--- Data supplied Enclosed Below ---
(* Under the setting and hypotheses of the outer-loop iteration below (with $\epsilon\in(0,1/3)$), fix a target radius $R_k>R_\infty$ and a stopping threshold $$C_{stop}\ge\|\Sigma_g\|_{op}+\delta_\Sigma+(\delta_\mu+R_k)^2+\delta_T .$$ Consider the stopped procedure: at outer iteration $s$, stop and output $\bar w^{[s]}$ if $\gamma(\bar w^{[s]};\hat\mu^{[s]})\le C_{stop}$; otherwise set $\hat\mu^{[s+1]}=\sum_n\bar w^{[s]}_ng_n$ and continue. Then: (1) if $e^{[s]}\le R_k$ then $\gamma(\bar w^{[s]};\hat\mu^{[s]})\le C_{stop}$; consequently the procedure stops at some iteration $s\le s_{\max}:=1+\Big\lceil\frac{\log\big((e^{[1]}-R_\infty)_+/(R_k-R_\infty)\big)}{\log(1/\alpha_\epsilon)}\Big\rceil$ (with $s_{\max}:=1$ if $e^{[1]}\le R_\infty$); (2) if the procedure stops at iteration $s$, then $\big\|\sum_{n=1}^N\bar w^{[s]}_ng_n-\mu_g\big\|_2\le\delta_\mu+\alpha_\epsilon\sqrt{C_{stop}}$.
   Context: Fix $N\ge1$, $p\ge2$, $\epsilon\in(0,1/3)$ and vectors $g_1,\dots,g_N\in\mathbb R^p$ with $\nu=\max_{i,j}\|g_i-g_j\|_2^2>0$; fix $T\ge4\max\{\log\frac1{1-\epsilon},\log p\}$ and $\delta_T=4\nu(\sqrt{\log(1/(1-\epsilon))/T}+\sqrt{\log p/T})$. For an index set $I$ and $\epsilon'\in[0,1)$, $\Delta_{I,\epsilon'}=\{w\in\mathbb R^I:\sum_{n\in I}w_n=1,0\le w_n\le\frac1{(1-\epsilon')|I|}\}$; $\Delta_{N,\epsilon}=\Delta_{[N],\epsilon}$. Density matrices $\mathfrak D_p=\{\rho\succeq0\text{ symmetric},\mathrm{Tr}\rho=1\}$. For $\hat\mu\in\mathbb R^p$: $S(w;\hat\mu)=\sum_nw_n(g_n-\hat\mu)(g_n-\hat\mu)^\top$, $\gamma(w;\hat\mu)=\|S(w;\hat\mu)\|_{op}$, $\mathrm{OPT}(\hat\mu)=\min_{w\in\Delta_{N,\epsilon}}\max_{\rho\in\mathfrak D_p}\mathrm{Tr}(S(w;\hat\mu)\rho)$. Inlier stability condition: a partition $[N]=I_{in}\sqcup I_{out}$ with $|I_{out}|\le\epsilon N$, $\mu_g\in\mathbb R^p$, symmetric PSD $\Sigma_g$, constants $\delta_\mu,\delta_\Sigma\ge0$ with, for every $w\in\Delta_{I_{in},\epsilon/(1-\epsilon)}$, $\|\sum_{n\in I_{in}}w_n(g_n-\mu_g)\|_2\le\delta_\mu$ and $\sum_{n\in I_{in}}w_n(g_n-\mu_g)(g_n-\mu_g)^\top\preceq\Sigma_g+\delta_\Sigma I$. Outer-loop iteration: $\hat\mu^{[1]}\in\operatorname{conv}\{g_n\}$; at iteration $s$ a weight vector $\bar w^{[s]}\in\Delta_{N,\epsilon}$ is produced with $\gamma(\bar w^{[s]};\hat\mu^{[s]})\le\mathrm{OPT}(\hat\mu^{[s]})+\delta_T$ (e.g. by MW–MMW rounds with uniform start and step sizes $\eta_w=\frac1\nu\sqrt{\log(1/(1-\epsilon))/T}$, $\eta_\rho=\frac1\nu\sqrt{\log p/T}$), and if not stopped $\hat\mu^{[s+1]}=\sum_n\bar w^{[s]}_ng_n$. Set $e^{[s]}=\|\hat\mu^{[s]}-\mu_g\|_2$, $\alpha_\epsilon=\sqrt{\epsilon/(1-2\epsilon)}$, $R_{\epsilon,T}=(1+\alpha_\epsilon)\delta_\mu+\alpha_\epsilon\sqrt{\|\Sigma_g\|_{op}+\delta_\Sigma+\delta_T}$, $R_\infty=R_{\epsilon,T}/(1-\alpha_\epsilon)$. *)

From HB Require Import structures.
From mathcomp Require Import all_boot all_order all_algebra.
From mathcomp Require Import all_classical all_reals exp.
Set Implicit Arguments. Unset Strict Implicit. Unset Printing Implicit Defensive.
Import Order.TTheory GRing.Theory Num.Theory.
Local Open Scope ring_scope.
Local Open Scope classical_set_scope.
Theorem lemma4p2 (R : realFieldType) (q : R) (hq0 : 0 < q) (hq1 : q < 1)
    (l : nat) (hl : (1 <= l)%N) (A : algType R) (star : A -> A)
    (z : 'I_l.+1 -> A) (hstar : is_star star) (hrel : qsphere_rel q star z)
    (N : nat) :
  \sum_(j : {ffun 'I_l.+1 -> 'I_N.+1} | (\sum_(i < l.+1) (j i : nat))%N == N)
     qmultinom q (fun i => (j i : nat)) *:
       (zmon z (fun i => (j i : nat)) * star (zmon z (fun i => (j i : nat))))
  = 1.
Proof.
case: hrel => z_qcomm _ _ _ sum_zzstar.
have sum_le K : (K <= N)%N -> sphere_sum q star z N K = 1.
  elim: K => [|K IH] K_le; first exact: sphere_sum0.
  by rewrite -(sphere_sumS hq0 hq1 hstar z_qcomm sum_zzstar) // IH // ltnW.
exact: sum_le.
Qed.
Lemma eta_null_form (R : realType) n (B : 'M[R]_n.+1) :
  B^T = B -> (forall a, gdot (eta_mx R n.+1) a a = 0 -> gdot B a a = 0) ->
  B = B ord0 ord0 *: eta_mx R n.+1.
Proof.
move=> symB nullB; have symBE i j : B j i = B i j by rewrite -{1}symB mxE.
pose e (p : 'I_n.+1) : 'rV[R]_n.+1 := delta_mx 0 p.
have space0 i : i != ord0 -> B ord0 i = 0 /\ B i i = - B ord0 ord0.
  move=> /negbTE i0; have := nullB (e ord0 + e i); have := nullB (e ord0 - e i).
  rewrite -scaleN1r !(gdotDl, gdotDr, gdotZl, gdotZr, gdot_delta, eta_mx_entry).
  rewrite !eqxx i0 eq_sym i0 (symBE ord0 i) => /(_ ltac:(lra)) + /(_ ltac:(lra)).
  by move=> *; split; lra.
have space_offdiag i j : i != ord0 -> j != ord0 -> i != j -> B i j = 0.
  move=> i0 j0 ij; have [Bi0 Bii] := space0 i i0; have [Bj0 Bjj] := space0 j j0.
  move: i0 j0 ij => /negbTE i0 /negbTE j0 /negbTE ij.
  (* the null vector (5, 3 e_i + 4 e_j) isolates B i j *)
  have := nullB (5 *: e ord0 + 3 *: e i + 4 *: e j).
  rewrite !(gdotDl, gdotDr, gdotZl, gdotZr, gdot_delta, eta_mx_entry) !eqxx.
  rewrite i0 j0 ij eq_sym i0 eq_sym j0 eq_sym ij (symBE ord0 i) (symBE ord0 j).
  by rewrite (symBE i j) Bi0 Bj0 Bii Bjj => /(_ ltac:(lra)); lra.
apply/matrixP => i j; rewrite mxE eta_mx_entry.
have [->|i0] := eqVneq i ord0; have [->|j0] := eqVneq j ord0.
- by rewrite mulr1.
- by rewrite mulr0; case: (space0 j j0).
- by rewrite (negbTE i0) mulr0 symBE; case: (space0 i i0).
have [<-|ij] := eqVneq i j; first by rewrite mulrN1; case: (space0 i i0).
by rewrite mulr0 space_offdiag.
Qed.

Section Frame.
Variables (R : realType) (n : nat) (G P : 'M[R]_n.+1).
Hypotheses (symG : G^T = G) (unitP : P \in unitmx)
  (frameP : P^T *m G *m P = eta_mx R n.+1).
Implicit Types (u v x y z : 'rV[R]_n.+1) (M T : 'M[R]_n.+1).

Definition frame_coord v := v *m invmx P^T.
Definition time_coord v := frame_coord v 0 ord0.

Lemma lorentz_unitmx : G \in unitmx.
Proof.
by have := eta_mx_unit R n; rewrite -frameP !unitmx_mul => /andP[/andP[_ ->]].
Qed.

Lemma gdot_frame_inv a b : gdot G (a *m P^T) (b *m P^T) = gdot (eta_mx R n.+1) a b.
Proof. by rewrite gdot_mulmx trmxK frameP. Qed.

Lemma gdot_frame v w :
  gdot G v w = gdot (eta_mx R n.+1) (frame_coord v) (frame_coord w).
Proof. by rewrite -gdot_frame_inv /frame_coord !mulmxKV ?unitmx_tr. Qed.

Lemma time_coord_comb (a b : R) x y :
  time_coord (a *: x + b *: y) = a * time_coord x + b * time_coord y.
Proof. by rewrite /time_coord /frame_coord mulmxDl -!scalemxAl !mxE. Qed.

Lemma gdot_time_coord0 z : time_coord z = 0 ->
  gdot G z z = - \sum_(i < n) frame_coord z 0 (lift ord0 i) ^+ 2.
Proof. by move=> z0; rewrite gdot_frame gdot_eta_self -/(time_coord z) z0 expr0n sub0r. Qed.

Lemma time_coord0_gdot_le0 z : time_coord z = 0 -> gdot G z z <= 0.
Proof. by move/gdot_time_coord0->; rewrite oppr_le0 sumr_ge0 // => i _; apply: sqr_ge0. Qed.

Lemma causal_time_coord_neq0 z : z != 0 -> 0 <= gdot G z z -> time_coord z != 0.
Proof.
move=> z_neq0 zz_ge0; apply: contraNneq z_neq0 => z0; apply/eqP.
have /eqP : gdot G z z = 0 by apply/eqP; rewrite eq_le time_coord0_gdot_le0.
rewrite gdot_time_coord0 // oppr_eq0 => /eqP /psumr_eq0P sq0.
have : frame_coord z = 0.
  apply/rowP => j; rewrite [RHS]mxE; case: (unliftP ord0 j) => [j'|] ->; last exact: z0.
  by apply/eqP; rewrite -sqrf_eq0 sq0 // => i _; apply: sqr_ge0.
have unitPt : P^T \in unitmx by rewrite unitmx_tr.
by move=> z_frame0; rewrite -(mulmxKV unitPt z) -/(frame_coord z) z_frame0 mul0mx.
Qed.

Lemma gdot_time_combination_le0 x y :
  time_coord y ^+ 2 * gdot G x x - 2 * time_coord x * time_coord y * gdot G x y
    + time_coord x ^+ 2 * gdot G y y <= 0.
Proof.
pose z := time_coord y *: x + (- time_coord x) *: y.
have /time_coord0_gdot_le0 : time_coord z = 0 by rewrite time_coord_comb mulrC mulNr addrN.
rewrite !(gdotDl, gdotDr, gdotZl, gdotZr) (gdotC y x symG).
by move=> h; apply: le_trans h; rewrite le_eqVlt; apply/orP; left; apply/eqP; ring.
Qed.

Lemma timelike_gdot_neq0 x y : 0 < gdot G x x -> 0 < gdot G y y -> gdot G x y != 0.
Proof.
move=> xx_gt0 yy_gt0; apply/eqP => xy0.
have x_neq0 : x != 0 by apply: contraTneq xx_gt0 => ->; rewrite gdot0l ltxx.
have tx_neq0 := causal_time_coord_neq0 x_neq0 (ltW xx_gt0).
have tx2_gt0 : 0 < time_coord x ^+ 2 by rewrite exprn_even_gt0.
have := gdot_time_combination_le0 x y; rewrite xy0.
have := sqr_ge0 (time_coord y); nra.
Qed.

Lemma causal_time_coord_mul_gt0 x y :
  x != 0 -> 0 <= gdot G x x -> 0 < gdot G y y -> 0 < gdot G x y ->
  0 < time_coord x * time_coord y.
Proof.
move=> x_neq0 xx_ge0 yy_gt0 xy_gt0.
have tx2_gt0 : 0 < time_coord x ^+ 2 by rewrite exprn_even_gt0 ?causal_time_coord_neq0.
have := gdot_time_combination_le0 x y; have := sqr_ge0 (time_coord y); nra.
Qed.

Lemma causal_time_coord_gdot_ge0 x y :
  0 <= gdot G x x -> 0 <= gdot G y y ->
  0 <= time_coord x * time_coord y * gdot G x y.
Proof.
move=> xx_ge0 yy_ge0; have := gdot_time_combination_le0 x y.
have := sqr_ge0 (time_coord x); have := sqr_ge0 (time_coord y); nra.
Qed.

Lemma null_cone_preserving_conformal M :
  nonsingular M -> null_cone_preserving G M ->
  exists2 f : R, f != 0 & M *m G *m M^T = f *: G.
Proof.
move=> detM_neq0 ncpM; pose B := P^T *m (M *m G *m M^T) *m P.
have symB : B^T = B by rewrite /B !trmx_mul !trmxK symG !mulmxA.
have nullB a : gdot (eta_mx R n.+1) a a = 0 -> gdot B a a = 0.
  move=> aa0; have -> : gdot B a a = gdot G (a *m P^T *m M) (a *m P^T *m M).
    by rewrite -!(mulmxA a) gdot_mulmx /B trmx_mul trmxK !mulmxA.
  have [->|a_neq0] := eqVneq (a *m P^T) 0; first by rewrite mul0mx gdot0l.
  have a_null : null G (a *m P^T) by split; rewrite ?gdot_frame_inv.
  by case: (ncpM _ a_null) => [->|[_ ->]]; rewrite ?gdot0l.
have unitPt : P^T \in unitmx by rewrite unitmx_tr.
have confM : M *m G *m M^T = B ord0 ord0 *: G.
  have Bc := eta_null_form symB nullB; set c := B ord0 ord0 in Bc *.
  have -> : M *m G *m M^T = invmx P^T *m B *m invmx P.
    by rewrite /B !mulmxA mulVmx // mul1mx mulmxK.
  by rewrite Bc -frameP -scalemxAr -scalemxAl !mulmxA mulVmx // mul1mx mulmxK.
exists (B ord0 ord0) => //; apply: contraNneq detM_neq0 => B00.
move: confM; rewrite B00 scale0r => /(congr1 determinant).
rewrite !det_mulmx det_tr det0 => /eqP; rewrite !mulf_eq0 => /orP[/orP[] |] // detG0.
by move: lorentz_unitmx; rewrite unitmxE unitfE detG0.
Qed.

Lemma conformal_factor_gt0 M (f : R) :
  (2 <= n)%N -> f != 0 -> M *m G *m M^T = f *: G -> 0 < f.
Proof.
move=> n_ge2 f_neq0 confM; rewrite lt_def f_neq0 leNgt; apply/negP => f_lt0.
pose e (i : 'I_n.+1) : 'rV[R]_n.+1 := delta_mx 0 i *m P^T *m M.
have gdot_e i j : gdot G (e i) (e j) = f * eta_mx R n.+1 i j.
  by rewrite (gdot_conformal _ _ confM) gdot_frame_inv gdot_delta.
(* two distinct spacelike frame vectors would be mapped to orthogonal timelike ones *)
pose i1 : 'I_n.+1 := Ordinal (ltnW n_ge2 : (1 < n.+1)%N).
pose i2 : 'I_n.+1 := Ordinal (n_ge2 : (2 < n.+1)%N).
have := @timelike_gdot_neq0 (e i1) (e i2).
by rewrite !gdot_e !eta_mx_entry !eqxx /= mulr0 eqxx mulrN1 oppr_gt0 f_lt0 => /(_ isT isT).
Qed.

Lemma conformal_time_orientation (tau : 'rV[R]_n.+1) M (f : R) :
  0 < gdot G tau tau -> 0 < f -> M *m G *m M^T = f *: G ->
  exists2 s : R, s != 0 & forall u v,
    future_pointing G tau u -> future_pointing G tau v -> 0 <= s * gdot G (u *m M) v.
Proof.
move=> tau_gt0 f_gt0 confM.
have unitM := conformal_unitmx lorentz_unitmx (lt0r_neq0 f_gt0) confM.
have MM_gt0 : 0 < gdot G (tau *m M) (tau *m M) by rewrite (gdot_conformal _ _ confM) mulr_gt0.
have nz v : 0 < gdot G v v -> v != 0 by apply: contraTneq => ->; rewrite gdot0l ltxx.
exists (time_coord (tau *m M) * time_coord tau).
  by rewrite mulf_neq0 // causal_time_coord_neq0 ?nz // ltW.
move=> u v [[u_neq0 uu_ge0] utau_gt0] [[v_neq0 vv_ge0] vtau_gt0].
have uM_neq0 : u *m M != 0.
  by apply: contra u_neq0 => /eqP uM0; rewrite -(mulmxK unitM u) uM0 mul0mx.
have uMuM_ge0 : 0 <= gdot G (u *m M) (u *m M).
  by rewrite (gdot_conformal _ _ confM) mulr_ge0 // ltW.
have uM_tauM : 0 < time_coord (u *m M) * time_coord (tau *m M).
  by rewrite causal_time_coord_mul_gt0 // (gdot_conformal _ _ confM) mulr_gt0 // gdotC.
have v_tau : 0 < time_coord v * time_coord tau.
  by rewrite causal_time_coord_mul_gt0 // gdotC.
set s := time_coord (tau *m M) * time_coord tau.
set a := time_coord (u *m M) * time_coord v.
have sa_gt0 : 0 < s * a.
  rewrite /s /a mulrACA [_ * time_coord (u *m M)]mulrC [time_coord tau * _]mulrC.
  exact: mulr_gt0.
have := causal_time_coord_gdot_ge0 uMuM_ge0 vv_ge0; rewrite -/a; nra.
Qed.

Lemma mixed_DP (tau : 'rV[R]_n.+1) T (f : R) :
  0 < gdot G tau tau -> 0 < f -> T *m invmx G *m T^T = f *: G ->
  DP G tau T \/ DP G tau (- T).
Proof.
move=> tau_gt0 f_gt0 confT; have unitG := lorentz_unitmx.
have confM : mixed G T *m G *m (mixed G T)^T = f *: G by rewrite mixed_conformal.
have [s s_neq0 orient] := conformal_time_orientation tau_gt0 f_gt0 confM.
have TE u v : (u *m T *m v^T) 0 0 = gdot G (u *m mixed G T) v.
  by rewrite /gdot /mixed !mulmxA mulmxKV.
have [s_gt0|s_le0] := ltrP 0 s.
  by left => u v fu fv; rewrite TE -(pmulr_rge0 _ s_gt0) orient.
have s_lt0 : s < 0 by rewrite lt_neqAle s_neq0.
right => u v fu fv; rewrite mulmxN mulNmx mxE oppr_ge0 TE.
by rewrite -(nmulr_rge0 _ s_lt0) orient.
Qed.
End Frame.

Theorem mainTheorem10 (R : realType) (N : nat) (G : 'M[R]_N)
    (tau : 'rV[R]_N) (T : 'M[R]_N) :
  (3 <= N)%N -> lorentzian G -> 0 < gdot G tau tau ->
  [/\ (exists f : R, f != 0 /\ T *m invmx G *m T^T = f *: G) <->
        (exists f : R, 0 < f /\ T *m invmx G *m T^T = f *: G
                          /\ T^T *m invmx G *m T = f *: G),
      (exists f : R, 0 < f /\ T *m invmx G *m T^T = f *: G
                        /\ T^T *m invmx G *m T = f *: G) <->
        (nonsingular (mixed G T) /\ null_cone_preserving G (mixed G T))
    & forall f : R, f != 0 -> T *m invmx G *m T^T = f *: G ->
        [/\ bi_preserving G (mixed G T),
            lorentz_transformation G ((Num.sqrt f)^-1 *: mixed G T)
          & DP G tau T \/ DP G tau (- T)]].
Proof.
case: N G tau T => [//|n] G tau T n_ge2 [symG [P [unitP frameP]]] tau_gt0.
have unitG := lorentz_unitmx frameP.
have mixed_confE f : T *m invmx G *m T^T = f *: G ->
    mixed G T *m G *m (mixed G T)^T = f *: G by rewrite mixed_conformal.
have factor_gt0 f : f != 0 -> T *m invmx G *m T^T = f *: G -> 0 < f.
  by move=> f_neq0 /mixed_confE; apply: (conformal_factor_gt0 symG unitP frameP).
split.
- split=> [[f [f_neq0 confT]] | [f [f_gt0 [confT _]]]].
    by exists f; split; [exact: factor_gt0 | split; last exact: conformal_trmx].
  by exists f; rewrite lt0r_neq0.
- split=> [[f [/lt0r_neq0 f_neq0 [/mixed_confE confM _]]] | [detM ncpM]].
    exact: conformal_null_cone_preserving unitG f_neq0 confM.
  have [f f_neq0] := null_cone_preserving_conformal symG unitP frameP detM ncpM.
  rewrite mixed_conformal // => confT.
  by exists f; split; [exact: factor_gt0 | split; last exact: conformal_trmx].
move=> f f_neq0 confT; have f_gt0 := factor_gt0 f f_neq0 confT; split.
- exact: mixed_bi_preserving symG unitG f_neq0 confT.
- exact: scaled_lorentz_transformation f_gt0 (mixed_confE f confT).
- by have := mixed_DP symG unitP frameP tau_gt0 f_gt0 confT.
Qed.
--- End of Enclosed Data supplied ---
Among the entries above, locate the lines containing "move=> detM_neq0 ncpM;" and "move=> aa0; have", and transcribe exactly those two lines and all lines between.

Answer area
move=> detM_neq0 ncpM; pose B := P^T *m (M *m G *m M^T) *m P.
have symB : B^T = B by rewrite /B !trmx_mul !trmxK symG !mulmxA.
have nullB a : gdot (eta_mx R n.+1) a a = 0 -> gdot B a a = 0.
  move=> aa0; have -> : gdot B a a = gdot G (a *m P^T *m M) (a *m P^T *m M).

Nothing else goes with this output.